- [Task directions]:
After locating the line that contains "(C k)^T *m a." in the data below, set down exactly that line and each one after it through the line that contains "J k (y k) u v = \sum_(k", and nothing more.

(Data entries)
=-=-=
Lemma fstate_t t x v : fstate t x v t = x.
Proof. exact: frec_t. Qed.

Lemma fstateS t x v l : (t <= l)%N ->
  fstate t x v l.+1 = At l *m fstate t x v l + Bt l *m v l + Ct l *m costate v l.+1.
Proof. exact: frecS. Qed.

Lemma costate_perturb v w v' e : (forall l, v' l = v l + e *: w l) ->
  forall l, costate v' l = costate v l + e *: costate w l.
Proof.
move=> hv; apply: brec_unique => l hl; last by rewrite !costate_N // scaler0 addr0.
by rewrite hv (costateS v) // (costateS w) //; mx_ring.
Qed.

Lemma fstate_perturb t x v w v' e : (forall l, v' l = v l + e *: w l) ->
  forall l, (t <= l)%N -> fstate t x v' l = fstate t x v l + e *: fstate t 0 w l.
Proof.
move=> hv l tl.
apply: (frec_unique (M := l) (y := fun l => fstate t x v l + e *: fstate t 0 w l)).
- by rewrite !fstate_t scaler0 addr0.
- by move=> j /andP[tj _]; rewrite !fstateS // hv (costate_perturb hv); mx_ring.
- by rewrite tl leqnn.
Qed.

Lemma alpha_perturb t x v w v' e : (forall l, v' l = v l + e *: w l) ->
  forall l, (t <= l)%N -> alpha t x v' l = alpha t x v l + e *: alpha t 0 w l.
Proof.
by move=> hv l tl; rewrite /alpha (fstate_perturb _ hv) // hv (costate_perturb hv); mx_ring.
Qed.

Lemma fstate_dynamics t x v l : (t <= l)%N ->
  fstate t x v l.+1 = A *m fstate t x v l + B1 *m alpha t x v l + B2 *m v l.
Proof. by move=> tl; rewrite fstateS // /alpha /Atl /Btl /Ctl; mx_ring. Qed.

Lemma costate_impulse k a : (k < N)%N -> forall l,
  costate (impulse k a) l
  = if (k < l)%N then 0 else (mprod At l (k - l))^T *m (C k)^T *m a.
Proof.
move=> kN; apply: brec_unique => l hl; last by rewrite ifT //; lia.
rewrite /impulse; case: (ltngtP k l) => [kl|lk|<-].
- by rewrite ifT ?mulmx0 ?addr0 //; lia.
- rewrite ifN; last lia.
  rewrite (_ : (k - l = (k - l.+1).+1)%N); last lia.
  by rewrite mprodS trmx_mul mulmx0 add0r !mulmxA.
- by rewrite ltnSn subnn trmx1 mul1mx mulmx0 addr0.
Qed.

Local Notation is_traj k y u v :=
  (forall l, (k <= l < N)%N -> y l.+1 = A *m y l + B1 *m u l + B2 *m v l).

Section Cost.
Variables (Q G : 'M[R]_n) (Rw : 'M[R]_m1) (W : 'M[R]_m2).
Local Notation J := (Jcost N A B1 B2 Q G Rw W).

Lemma Jcost_traj k y u v : (k <= N)%N -> is_traj k y u v ->
  J k (y k) u v = \sum_(k <= l < N) (qf Q (y l) + qf Rw (u l) + qf W (v l)) + qf G (y N).
Proof.
move=> kN yS.
have Ey : forall l, (k <= l <= N)%N ->
    frec k (y k) (fun l X => A *m X + B1 *m u l + B2 *m v l) l = y l.
  exact: frec_unique.
rewrite /Jcost Ey ?leqnn ?kN //; congr (_ + _).
by apply: eq_big_nat => l /andP[kl lN]; rewrite Ey // kl ltnW.
Qed.

Lemma Jcost_perturb k y z u v du dv u' v' e :
    Q^T = Q -> G^T = G -> Rw^T = Rw -> W^T = W -> (k <= N)%N ->
    is_traj k y u v -> is_traj k z du dv ->
    (forall l, (k <= l < N)%N -> u' l = u l + e *: du l) ->
    (forall l, (k <= l < N)%N -> v' l = v l + e *: dv l) ->
  J k (y k + e *: z k) u' v'
  = J k (y k) u v
    + 2 * e * (\sum_(k <= l < N) (dot (Q *m y l) (z l) + dot (Rw *m u l) (du l)
                                  + dot (W *m v l) (dv l)) + dot (G *m y N) (z N))
    + e ^+ 2 * J k (z k) du dv.
Proof.
move=> sQ sG sR sW kN yS zS hu hv.
have yzS : is_traj k (fun l => y l + e *: z l) u' v'.
  by move=> l hl; rewrite yS // zS // hu // hv //; mx_ring.
rewrite (Jcost_traj kN yzS) !Jcost_traj // !qf_add_scale //.
under eq_big_nat => l hl do rewrite hu // hv // !qf_add_scale //.
by rewrite !big_split -!mulr_sumr /=; ring.
Qed.

End Cost.

Section Variation.
Variables (Q2 G2 : 'M[R]_n) (R2 : 'M[R]_m1) (W2 : 'M[R]_m2).
Variables (t k : nat) (x : 'cV[R]_n) (v : nat -> 'cV[R]_m2) (vt : 'cV[R]_m2).
Variables (Z Zb eta xi : nat -> 'cV[R]_n).
Hypotheses (tk : (t <= k)%N) (kN : (k < N)%N).

Local Notation X := (fstate t x v).
Local Notation pi := (costate v).
Local Notation imp := (impulse k vt).
Local Notation w l := (H1 l *m X l + H2 l *m v l + H3 l *m pi l.+1).

Hypothesis ZN : Z N = G2 *m X N.
Hypothesis ZS : forall l, (t <= l < N)%N -> Z l = Q2 *m X l + A^T *m Z l.+1.
Hypothesis ZbN : Zb N = 0.
Hypothesis ZbS : forall l, (k <= l < N)%N ->
  Zb l = (H1 l)^T *m R2 *m w l - (H1 l)^T *m B1^T *m Z l.+1 + (At l)^T *m Zb l.+1.
Hypothesis ZbS_t : forall i, (t <= i < k)%N -> Zb i = (At i)^T *m Zb i.+1.
Hypothesis eta_t : eta t = 0.
Hypothesis etaS_t : forall i, (t <= i < k)%N ->
  eta i.+1 = At i *m eta i + Ct i *m (mprod At i.+1 (k.-1 - i))^T *m (C k)^T *m vt.
Hypothesis etaSk : eta k.+1 = At k *m eta k + Bt k *m vt.
Hypothesis etaS : forall l, (k.+1 <= l < N)%N -> eta l.+1 = At l *m eta l.
Hypothesis xi_k : xi k = 0.
Hypothesis xiSk : xi k.+1 = A *m xi k - B1 *m H1 k *m eta k + Bt k *m vt.
Hypothesis xiS : forall l, (k.+1 <= l < N)%N -> xi l.+1 = A *m xi l - B1 *m H1 l *m eta l.

Lemma fstate_impulse l : (t <= l <= N)%N -> fstate t 0 imp l = eta l.
Proof.
apply: frec_unique => // j /andP[tj jN].
rewrite costate_impulse // /impulse; case: (ltngtP j k) => [jk|kj|->].
- rewrite ifN; last by rewrite -leqNgt.
  rewrite (_ : (k - j.+1 = k.-1 - j)%N); last lia.
  by rewrite mulmx0 addr0 etaS_t ?tj // !mulmxA.
- by rewrite ifT ?mulmx0 ?addr0 ?etaS ?kj // ltnS ltnW.
- by rewrite ifT ?mulmx0 ?addr0.
Qed.

Lemma alpha_impulse l : (k <= l <= N)%N ->
  alpha t 0 imp l = - (H1 l *m eta l + H2 l *m imp l).
Proof.
move=> /andP[kl lN]; rewrite /alpha fstate_impulse ?lN ?(leq_trans tk) //.
by rewrite costate_impulse // ifT ?mulmx0 ?addr0 // ltnS.
Qed.

Lemma xi_traj : is_traj k xi (alpha t 0 imp) imp.
Proof.
move=> l /andP[kl lN]; rewrite alpha_impulse ?kl ?(ltnW lN) // /impulse.
case: (ltngtP k l) kl => // [kl|<-] _; last by rewrite xiSk /Btl; mx_ring.
by rewrite xiS ?kl //; mx_ring.
Qed.

Lemma second_variation :
  Jcost N A B1 B2 Q2 G2 R2 W2 k (xi k) (alpha t 0 imp) imp
  = \sum_(k <= l < N) qf Q2 (xi l)
    + \sum_(k.+1 <= l < N) qf ((H1 l)^T *m R2 *m H1 l) (eta l)
    + qf W2 vt + qf G2 (xi N)
    + qf R2 (H1 k *m eta k + H2 k *m vt).
Proof.
have SR : \sum_(k <= l < N) qf R2 (alpha t 0 imp l)
    = qf R2 (H1 k *m eta k + H2 k *m vt)
      + \sum_(k.+1 <= l < N) qf ((H1 l)^T *m R2 *m H1 l) (eta l).
  rewrite (big_ltn kN) alpha_impulse ?leqnn ?(ltnW kN) // qfN /impulse eqxx.
  congr (_ + _); apply: eq_big_nat => l /andP[kl lN].
  rewrite alpha_impulse ?(ltnW kl) ?(ltnW lN) // /impulse gtn_eqF //.
  by rewrite mulmx0 addr0 qfN qf_mul.
rewrite Jcost_traj ?(ltnW kN) //; last exact: xi_traj.
by rewrite !big_split /= SR (sum_impulse (F := fun _ => qf W2)) ?qf0 //; ring.
Qed.

Lemma Z_duality :
  \sum_(k <= l < N) dot (Q2 *m X l) (xi l) + dot (G2 *m X N) (xi N)
  = dot ((Bt k)^T *m Z k.+1) vt
    - \sum_(k <= l < N) dot ((H1 l)^T *m B1^T *m Z l.+1) (eta l).
Proof.
have hz l : (k <= l < N)%N -> Z l = Q2 *m X l + A^T *m Z l.+1.
  by move=> /andP[kl lN]; rewrite ZS // lN (leq_trans tk).
have hy l : (k <= l < N)%N ->
    xi l.+1 = A *m xi l + (Bt l *m imp l - B1 *m H1 l *m eta l).
  move=> /andP[kl lN]; rewrite /impulse.
  case: (ltngtP k l) kl => // [kl|<-] _; last by rewrite xiSk addrAC -addrA.
  by rewrite xiS ?kl ?lN // mulmx0 add0r.
have := summation_by_parts (ltnW kN) hz hy.
rewrite xi_k dot0r ZN sub0r => ->; rewrite addrAC addNr add0r.
under eq_bigr do rewrite dotBr.
rewrite sumrB (sum_impulse (F := fun l b => dot (Z l.+1) (Bt l *m b)) vt kN) => [|l].
  2: by rewrite mulmx0 dot0r.
congr (_ - _); first exact: dot_mulr.
by apply: eq_bigr => l _; rewrite dot_mulr trmx_mul.
Qed.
=-=-=
- [Expected answer]:
  = if (k < l)%N then 0 else (mprod At l (k - l))^T *m (C k)^T *m a.
Proof.
move=> kN; apply: brec_unique => l hl; last by rewrite ifT //; lia.
rewrite /impulse; case: (ltngtP k l) => [kl|lk|<-].
- by rewrite ifT ?mulmx0 ?addr0 //; lia.
- rewrite ifN; last lia.
  rewrite (_ : (k - l = (k - l.+1).+1)%N); last lia.
  by rewrite mprodS trmx_mul mulmx0 add0r !mulmxA.
- by rewrite ltnSn subnn trmx1 mul1mx mulmx0 addr0.
Qed.

Local Notation is_traj k y u v :=
  (forall l, (k <= l < N)%N -> y l.+1 = A *m y l + B1 *m u l + B2 *m v l).

Section Cost.
Variables (Q G : 'M[R]_n) (Rw : 'M[R]_m1) (W : 'M[R]_m2).
Local Notation J := (Jcost N A B1 B2 Q G Rw W).

Lemma Jcost_traj k y u v : (k <= N)%N -> is_traj k y u v ->
  J k (y k) u v = \sum_(k <= l < N) (qf Q (y l) + qf Rw (u l) + qf W (v l)) + qf G (y N).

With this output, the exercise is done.